● TASK GOAL
The exercise asks you to copy every line below in which "forall" appears.

● Dataset entries
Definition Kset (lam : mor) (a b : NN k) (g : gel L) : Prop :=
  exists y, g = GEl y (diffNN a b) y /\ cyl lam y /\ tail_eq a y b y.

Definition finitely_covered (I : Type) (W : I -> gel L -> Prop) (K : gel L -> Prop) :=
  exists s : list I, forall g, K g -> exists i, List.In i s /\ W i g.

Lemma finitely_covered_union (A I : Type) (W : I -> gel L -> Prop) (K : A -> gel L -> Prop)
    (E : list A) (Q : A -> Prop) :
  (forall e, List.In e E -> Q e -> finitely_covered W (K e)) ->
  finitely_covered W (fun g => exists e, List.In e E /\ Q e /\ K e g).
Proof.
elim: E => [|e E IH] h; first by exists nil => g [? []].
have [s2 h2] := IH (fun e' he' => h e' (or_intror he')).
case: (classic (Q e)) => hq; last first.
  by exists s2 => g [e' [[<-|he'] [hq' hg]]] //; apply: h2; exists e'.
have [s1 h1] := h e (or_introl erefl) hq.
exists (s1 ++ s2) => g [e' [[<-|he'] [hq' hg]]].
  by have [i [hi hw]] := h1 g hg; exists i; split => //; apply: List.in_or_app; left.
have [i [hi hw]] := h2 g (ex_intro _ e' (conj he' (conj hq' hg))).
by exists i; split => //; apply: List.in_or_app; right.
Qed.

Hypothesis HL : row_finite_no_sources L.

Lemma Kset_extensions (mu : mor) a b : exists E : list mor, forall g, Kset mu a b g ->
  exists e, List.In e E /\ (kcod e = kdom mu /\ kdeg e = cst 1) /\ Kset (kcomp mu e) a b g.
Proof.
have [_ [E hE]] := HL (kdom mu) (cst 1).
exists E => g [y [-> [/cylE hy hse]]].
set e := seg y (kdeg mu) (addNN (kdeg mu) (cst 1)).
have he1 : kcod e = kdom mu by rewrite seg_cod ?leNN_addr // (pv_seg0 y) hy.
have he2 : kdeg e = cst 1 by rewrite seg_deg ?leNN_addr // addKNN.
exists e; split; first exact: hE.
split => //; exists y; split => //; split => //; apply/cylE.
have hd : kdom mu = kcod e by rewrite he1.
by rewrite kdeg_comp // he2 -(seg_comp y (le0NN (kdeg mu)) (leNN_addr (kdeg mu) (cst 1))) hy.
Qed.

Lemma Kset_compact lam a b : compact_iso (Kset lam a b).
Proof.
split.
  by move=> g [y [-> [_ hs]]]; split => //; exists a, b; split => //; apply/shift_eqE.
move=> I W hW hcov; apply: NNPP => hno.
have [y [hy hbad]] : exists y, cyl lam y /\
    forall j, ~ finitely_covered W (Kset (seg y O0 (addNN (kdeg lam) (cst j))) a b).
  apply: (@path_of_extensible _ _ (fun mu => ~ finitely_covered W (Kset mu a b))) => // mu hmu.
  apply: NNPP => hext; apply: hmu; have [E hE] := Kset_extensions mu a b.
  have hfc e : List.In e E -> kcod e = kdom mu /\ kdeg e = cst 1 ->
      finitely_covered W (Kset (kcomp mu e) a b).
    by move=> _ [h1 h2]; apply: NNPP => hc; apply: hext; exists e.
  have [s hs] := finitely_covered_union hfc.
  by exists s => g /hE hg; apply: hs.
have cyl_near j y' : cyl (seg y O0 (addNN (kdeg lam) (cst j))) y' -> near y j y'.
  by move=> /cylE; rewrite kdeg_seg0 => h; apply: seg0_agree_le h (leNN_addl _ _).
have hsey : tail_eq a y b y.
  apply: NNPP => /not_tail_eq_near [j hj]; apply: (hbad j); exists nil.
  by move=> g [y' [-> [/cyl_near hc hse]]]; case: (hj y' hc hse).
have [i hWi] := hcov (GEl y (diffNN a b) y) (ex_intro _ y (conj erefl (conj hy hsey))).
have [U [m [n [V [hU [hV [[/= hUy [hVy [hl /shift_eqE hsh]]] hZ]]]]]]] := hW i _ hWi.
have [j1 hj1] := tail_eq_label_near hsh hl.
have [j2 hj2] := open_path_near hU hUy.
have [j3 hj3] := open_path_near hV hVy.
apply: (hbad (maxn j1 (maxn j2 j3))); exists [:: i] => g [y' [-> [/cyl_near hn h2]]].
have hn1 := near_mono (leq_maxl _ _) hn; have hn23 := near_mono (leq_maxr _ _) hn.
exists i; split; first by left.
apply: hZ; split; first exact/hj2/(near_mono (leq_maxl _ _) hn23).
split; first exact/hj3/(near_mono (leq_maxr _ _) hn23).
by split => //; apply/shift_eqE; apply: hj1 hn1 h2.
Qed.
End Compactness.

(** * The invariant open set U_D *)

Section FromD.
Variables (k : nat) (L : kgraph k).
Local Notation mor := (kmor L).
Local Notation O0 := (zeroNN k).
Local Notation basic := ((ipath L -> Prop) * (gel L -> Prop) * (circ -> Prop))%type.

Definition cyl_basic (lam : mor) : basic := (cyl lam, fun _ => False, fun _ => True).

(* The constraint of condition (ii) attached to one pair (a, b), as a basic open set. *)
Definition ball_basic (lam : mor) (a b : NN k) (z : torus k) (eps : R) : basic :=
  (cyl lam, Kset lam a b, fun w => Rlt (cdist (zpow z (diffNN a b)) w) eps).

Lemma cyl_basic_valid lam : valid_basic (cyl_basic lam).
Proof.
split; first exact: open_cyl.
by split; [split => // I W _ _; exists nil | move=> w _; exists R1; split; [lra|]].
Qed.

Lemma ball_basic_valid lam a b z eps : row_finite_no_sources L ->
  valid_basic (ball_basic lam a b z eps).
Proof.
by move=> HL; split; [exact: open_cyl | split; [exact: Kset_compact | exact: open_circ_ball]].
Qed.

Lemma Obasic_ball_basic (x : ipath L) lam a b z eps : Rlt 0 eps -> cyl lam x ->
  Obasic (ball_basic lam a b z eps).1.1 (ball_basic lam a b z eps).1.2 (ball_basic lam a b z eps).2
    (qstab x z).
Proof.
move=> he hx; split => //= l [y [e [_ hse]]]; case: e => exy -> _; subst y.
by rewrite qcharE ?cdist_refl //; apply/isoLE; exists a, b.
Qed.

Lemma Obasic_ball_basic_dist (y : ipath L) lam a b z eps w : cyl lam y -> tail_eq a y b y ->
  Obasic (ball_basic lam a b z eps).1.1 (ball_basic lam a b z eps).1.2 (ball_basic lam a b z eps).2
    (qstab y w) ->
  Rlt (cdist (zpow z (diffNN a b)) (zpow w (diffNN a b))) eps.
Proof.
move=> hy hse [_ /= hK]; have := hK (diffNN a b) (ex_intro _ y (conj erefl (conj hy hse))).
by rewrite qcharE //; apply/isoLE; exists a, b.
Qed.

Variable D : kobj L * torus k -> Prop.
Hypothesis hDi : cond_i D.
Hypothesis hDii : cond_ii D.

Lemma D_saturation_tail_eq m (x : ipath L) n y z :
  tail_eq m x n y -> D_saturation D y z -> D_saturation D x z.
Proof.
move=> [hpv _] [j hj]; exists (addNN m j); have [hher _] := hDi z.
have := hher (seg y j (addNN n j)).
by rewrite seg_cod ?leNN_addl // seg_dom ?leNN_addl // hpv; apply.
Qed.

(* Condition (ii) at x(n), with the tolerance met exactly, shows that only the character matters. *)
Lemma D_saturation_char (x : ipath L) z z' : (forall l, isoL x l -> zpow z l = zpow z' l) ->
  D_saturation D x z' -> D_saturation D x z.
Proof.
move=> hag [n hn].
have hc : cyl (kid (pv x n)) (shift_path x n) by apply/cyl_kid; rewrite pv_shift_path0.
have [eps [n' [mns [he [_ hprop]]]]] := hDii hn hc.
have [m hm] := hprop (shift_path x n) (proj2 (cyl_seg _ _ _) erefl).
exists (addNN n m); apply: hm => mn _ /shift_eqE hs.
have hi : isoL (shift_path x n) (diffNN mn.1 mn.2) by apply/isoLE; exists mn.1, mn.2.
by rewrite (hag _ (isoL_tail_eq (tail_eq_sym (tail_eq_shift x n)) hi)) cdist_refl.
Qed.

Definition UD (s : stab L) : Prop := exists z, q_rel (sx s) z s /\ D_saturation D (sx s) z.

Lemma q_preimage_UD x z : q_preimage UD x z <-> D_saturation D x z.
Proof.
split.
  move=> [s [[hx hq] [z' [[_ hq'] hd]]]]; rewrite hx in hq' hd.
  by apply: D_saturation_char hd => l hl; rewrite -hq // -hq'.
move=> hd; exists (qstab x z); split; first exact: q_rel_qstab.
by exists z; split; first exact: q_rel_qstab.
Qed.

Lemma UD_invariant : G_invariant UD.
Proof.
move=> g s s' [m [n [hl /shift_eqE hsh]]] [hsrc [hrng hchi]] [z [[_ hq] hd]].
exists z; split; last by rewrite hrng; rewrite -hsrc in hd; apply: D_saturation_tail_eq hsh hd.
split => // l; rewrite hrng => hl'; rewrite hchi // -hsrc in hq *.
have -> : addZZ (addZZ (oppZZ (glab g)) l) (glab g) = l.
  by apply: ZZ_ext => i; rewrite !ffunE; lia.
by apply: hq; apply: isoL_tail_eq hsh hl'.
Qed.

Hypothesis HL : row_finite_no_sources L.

● REPLY
  exists s : list I, forall g, K g -> exists i, List.In i s /\ W i g.
  (forall e, List.In e E -> Q e -> finitely_covered W (K e)) ->
Lemma Kset_extensions (mu : mor) a b : exists E : list mor, forall g, Kset mu a b g ->
    forall j, ~ finitely_covered W (Kset (seg y O0 (addNN (kdeg lam) (cst j))) a b).
Lemma D_saturation_char (x : ipath L) z z' : (forall l, isoL x l -> zpow z l = zpow z' l) ->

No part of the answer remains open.